**Given data**
Lemma vec_ofK n : cancel (@supp n) (@vec_of n).
Proof.
move=> v; apply/rowP => k; rewrite !mxE inE.
by case: (F2_cases (v 0 k)) => ->; rewrite ?eqxx ?oner_eq0.
Qed.
Lemma suppK n : cancel (@vec_of n) (@supp n).
Proof. by move=> P; apply/setP => k; rewrite inE mxE F2_bool_neq0. Qed.

Lemma hw_vec_of n (P : {set 'I_(2 ^ n)}) : hw (vec_of P) = #|P|.
Proof. by rewrite /hw -/(supp (vec_of P)) suppK. Qed.

Definition vcoord n (v : 'rV['F_2]_(2 ^ n)) (k : 'I_(2 ^ n)) : 'F_2 :=
  \sum_(p < 2 ^ n) v 0 p * (kronG n p k)%:R.

Lemma vcoord_vec_of n (P : {set 'I_(2 ^ n)}) k : vcoord (vec_of P) k = (coord P k)%:R.
Proof.
rewrite /vcoord /coord -F2_nat card_set_sum natr_sum; apply: eq_bigr => p _.
by rewrite /vec_of mxE F2_boolM.
Qed.

Lemma vcoordD n (u v : 'rV['F_2]_(2 ^ n)) k : vcoord (u + v) k = vcoord u k + vcoord v k.
Proof. by rewrite /vcoord -big_split; apply: eq_bigr => p _; rewrite mxE mulrDl. Qed.

Lemma vcoord_sum n (A : {set 'I_(2 ^ n)}) (M : 'I_(2 ^ n) -> 'rV['F_2]_(2 ^ n)) k :
  vcoord (\sum_(a in A) M a) k = \sum_(a in A) vcoord (M a) k.
Proof. by rewrite /vcoord exchange_big; apply: eq_bigr => p _; rewrite summxE big_distrl. Qed.

Lemma vcoord_grow n (a k : 'I_(2 ^ n)) : vcoord (grow n a) k = (a == k)%:R.
Proof. by rewrite /vcoord -kron_involutive; apply: eq_bigr => p _; rewrite grow_entry F2_boolM. Qed.

Lemma row_expand n (v : 'rV['F_2]_(2 ^ n)) : v = \sum_(a < 2 ^ n) vcoord v a *: grow n a.
Proof.
apply/rowP => q; rewrite summxE; symmetry.
transitivity (\sum_(p < 2 ^ n) v 0 p * (p == q)%:R); last first.
  by rewrite (bigD1 q) //= eqxx mulr1 big1 ?addr0 // => p /negbTE ->; rewrite mulr0.
under eq_bigr => a _ do rewrite mxE grow_entry /vcoord big_distrl.
rewrite exchange_big; apply: eq_bigr => p _.
by rewrite -kron_involutive big_distrr; apply: eq_bigr => a _; rewrite /= -mulrA F2_boolM.
Qed.

Lemma coset_condE n (i : 'I_(2 ^ n)) (P : {set 'I_(2 ^ n)}) :
  (vec_of P \in coset_i n i) = coset_cond n i P.
Proof.
apply/imsetP/idP => [[A] | HC].
  rewrite inE => /subsetP HA E.
  apply/forallP => k; apply/implyP => Hk; apply/eqP/F2_bool_inj.
  rewrite -vcoord_vec_of E vcoordD vcoord_sum vcoord_grow big1 ?addr0.
    by rewrite val_eqE eq_sym.
  move=> a /HA; rewrite inE => Ha.
  by rewrite vcoord_grow -val_eqE gtn_eqF ?(leq_ltn_trans Hk Ha).
pose A := [set a : 'I_(2 ^ n) | (i < a)%N && coord P a].
have coord_i : coord P i by move/forallP/(_ i): HC; rewrite leqnn eqxx => /eqP.
have inA a : (a \in A) = coord P a && (a != i).
  rewrite inE; case: (ltnP i a) => Hia /=.
    by rewrite -val_eqE gtn_eqF // andbT.
  move/forallP/(_ a): HC; rewrite Hia /= => /eqP ->.
  by rewrite -val_eqE; case: eqP.
exists A; first by rewrite inE; apply/subsetP => a; rewrite !inE => /andP[].
rewrite {1}(row_expand (vec_of P)) (bigD1 i) //= vcoord_vec_of coord_i scale1r.
congr (_ + _); rewrite [LHS]big_mkcond [RHS]big_mkcond; apply: eq_bigr => a _.
by rewrite vcoord_vec_of F2_boolZ inA; case: (a != i); case: coord.
Qed.
End GF2.

Lemma S_count n i w : (i < 2 ^ n)%N -> S_ n i w = count_coset n i w.
Proof.
move=> hi; rewrite /S_ card_set_sum /count_coset (reindex (@vec_of n)) /=; last first.
  by exists (@supp n) => x _; rewrite ?suppK ?vec_ofK.
by apply: eq_bigr => P _; rewrite (coset_condE (Ordinal hi)) hw_vec_of.
Qed.

Lemma s_formula n i : (i < 2 ^ n)%N -> s_ n i = (2 ^ sexp n i)%N.
Proof. by move=> hi; rewrite /s_ hw_grow // S_count // (count_coset_min (Ordinal hi)). Qed.

Lemma bits_inj n x y : (x < 2 ^ n)%N -> (y < 2 ^ n)%N ->
  (forall t, (t < n)%N -> bit t x = bit t y) -> x = y.
Proof.
elim: n x y => [|n IH] x y; first by rewrite expn0 !ltnS !leqn0 => /eqP -> /eqP ->.
move=> Hx Hy H.
have bitS z t : bit t.+1 z = bit t z./2 by rewrite /bit expnS divnMA divn2.
have half_lt z : (z < 2 ^ n.+1)%N -> (z./2 < 2 ^ n)%N.
  by rewrite -divn2 ltn_divLR // mulnC -expnS.
have Hodd : odd x = odd y by have := H 0%N isT; rewrite /bit expn0 !divn1.
have Hhalf : x./2 = y./2 by apply: IH => [||t Ht]; rewrite ?half_lt // -!bitS; apply: H.
by rewrite -(odd_double_half x) -(odd_double_half y) Hodd Hhalf.
Qed.

Section Swap.
Variables (n u w x y : nat).
Hypotheses (Huw : (u < w)%N) (Hwn : (w < n)%N)
  (Heq : forall k, (k < n)%N -> k != u -> k != w -> bit k x = bit k y)
  (Hux : bit u x) (Hwy : bit w y) (Hwx : ~~ bit w x) (Huy : ~~ bit u y).

Lemma pop_swap t : (t <= n)%N -> pop t x = (pop t y + ((u < t) && (t <= w)))%N.
Proof.
elim: t => [|t IH] Ht; first by rewrite /pop !big_ord0.
rewrite !popS IH ?(ltnW Ht) //.
have [->|Htu] := eqVneq t u.
  by rewrite (negbTE Huy) Hux ltnn ltnSn Huw /=; lia.
have [->|Htw] := eqVneq t w.
  by rewrite (negbTE Hwx) Hwy Huw leqnn ltnS (ltnW Huw) ltnn /=; lia.
have -> : (u < t.+1)%N = (u < t)%N by rewrite ltnS leq_eqVlt eq_sym (negbTE Htu).
have -> : (t.+1 <= w)%N = (t <= w)%N by rewrite ltn_neqAle Htw.
by rewrite (Heq Ht Htu Htw); lia.
Qed.

Lemma swap_pop : pop n x = pop n y.
Proof. by rewrite pop_swap // (leqNgt n w) Hwn andbF addn0. Qed.

Let term z t := ((~~ bit t z) * 2 ^ pop t z)%N.

(* Comparing the summands of sexp y and sexp x: only positions u and w
   increase y's side, and position u of y is cheaper than position w of x. *)
Lemma swap_term_le (t : 'I_n) :
  (term y t + ((t : nat) == w) * term x w <= term x t + ((t : nat) == u) * term y u)%N.
Proof.
rewrite /term; have [->|Htu] := eqVneq (t : nat) u.
  by rewrite (negbTE Huy) Hux (ltn_eqF Huw) /=; lia.
have [->|Htw] := eqVneq (t : nat) w; first by rewrite (negbTE Hwx) Hwy /=; lia.
rewrite (Heq (ltn_ord t) Htu Htw) /= !mul0n !addn0 leq_mul2l.
by rewrite leq_exp2l // (@pop_swap t) ?leq_addr ?orbT // ltnW.
Qed.

Lemma swap_term_lt : (term y u < term x w)%N.
Proof.
rewrite /term (negbTE Huy) Hwx !mul1n ltn_exp2l // pop_swap ?(ltnW Hwn) //.
by rewrite Huw leqnn addn1 ltnS pop_mono // ltnW.
Qed.

Lemma swap_sexp : (sexp n y < sexp n x)%N.
Proof.
have delta v c : (v < n)%N -> (\sum_(t < n) ((t : nat) == v) * c = c)%N.
  move=> Hv; rewrite (bigD1 (Ordinal Hv)) //= eqxx mul1n big1 ?addn0 // => t Ht.
  by rewrite (_ : (t : nat) == v = false) //; apply: contraNF Ht => /eqP E; apply/eqP/val_inj.
have Hsum : (\sum_(t < n) (term y t + ((t : nat) == w) * term x w) <=
              \sum_(t < n) (term x t + ((t : nat) == u) * term y u))%N.
  by apply: leq_sum => t _; apply: swap_term_le.
rewrite !big_split /= !delta // ?(ltn_trans Huw) // in Hsum.
by rewrite -(ltn_add2r (term x w)) (leq_ltn_trans Hsum) // ltn_add2l swap_term_lt.
Qed.
End Swap.

Definition same_bits n x y : bool := [forall t : 'I_n, bit t x == bit t y].

Lemma same_bitsP n x y :
  reflect (forall t, (t < n)%N -> bit t x = bit t y) (same_bits n x y).
Proof.
apply: (iffP forallP) => H t; last exact/eqP/H.
by move=> Ht; apply/eqP/(H (Ordinal Ht)).
Qed.

Lemma incr_bits_pop n x y : (forall t, (t < n)%N -> bit t x <= bit t y)%N ->
  (pop n x <= pop n y ?= iff same_bits n x y)%N.
Proof.
move=> H; apply: leqif_sum => t _.
by have := H t (ltn_ord t); case: (bit t x); case: (bit t y).
Qed.

Definition precedes n x y : bool :=
  (pop n x < pop n y)%N ||
  (pop n x == pop n y) && ((sexp n y < sexp n x)%N || same_bits n x y).

Lemma precedes_refl n : reflexive (precedes n).
Proof. by move=> x; rewrite /precedes eqxx !ltnn /=; apply/same_bitsP. Qed.

Lemma precedes_trans n : transitive (precedes n).
Proof.
move=> y x z /orP[Hxy|/andP[/eqP Exy Hxy]] /orP[Hyz|/andP[/eqP Eyz Hyz]].
- by rewrite /precedes (ltn_trans Hxy Hyz).
- by rewrite /precedes -Eyz Hxy.
- by rewrite /precedes Exy Hyz.
rewrite /precedes Exy Eyz eqxx ltnn /=.
case/orP: Hxy => [Lxy|/same_bitsP Sxy]; case/orP: Hyz => [Lyz|/same_bitsP Syz].
- by rewrite (ltn_trans Lyz Lxy).
- by rewrite -(sexp_eq Syz) Lxy.
- by rewrite (sexp_eq Sxy) Lyz.
by apply/orP; right; apply/same_bitsP => t Ht; rewrite Sxy ?Syz.
Qed.

Lemma step_precedes n x y : step n x y -> precedes n x y.
Proof.
case=> [[u [w [/andP[Huw Hwn] Heq /andP[Hux Hwy] /andP[Hwx Huy]]]] | /incr_bits_pop [le_xy eq_xy]].
  by rewrite /precedes (swap_pop Huw Hwn Heq Hux Hwy Hwx Huy) eqxx ltnn
    (swap_sexp Huw Hwn Heq Hux Hwy Hwx Huy).
by rewrite /precedes ltn_neqAle le_xy eq_xy andbT; case: same_bits; rewrite ?orbT.
Qed.

Lemma precedes_last n i (a : seq nat) :
  (forall m, (m < size a)%N -> step n (nth 0%N (i :: a) m) (nth 0%N (i :: a) m.+1)) ->
  precedes n i (last i a).
Proof.
move=> Hsteps; have Hpath : path (precedes n) i a.
  by apply/(pathP 0%N) => m /Hsteps /step_precedes.
have := mem_last i a; rewrite inE => /predU1P[->|]; first exact: precedes_refl.
exact: (allP (order_path_min (@precedes_trans n) Hpath)).
Qed.

Lemma precedes_neq n x y : (x < 2 ^ n)%N -> (y < 2 ^ n)%N -> x != y ->
  precedes n x y -> (pop n x < pop n y)%N \/ (pop n x = pop n y /\ (sexp n y < sexp n x)%N).
Proof.
move=> Hx Hy Hxy /orP[|/andP[/eqP Epop /orP[Lsexp|/same_bitsP Sxy]]]; [by left|by right|].
by rewrite (bits_inj Hx Hy Sxy) eqxx in Hxy.
Qed.

Lemma exp2_dichotomy p q a b : (p < q)%N \/ (p = q /\ (b < a)%N) ->
  let A := (2 ^ p < 2 ^ q)%N in let B := (2 ^ q = 2 ^ p) /\ (2 ^ b < 2 ^ a)%N in
  (A \/ B) /\ ~ (A /\ B).
Proof.
rewrite /= !ltn_exp2l // => H; split; first by case: H => [|[->]]; auto.
by case=> Hpq [/eqP]; rewrite eqn_exp2l // => /eqP E; rewrite E ltnn in Hpq.
Qed.

Theorem theorem4 (n i j : nat) (hij : (i < j)%N) (hjN : (j < 2 ^ n)%N)
  (hseq : exists a : seq nat,
      [/\ all (fun x => (x < 2 ^ n)%N) a,
          last i a = j &
          forall m, (m < size a)%N -> step n (nth 0%N (i :: a) m) (nth 0%N (i :: a) m.+1)]) :
  let A := (hw (grow n i) < hw (grow n j))%N in
  let B := (hw (grow n j) = hw (grow n i)) /\ (s_ n j < s_ n i)%N in
  (A \/ B) /\ ~ (A /\ B).
Proof.
have hiN : (i < 2 ^ n)%N := ltn_trans hij hjN.
rewrite /= (hw_grow hiN) (hw_grow hjN) (s_formula hiN) (s_formula hjN).
apply: exp2_dichotomy; apply: precedes_neq hiN hjN (negbT (ltn_eqF hij)) _.
by case: hseq => a [_ <- Hsteps]; apply: precedes_last.
Qed.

**Instructions to follow**
Copy, from the data above, every line where the word "Hsum" appears.

**Answer area**
have Hsum : (\sum_(t < n) (term y t + ((t : nat) == w) * term x w) <=
rewrite !big_split /= !delta // ?(ltn_trans Huw) // in Hsum.
by rewrite -(ltn_add2r (term x w)) (leq_ltn_trans Hsum) // ltn_add2l swap_term_lt.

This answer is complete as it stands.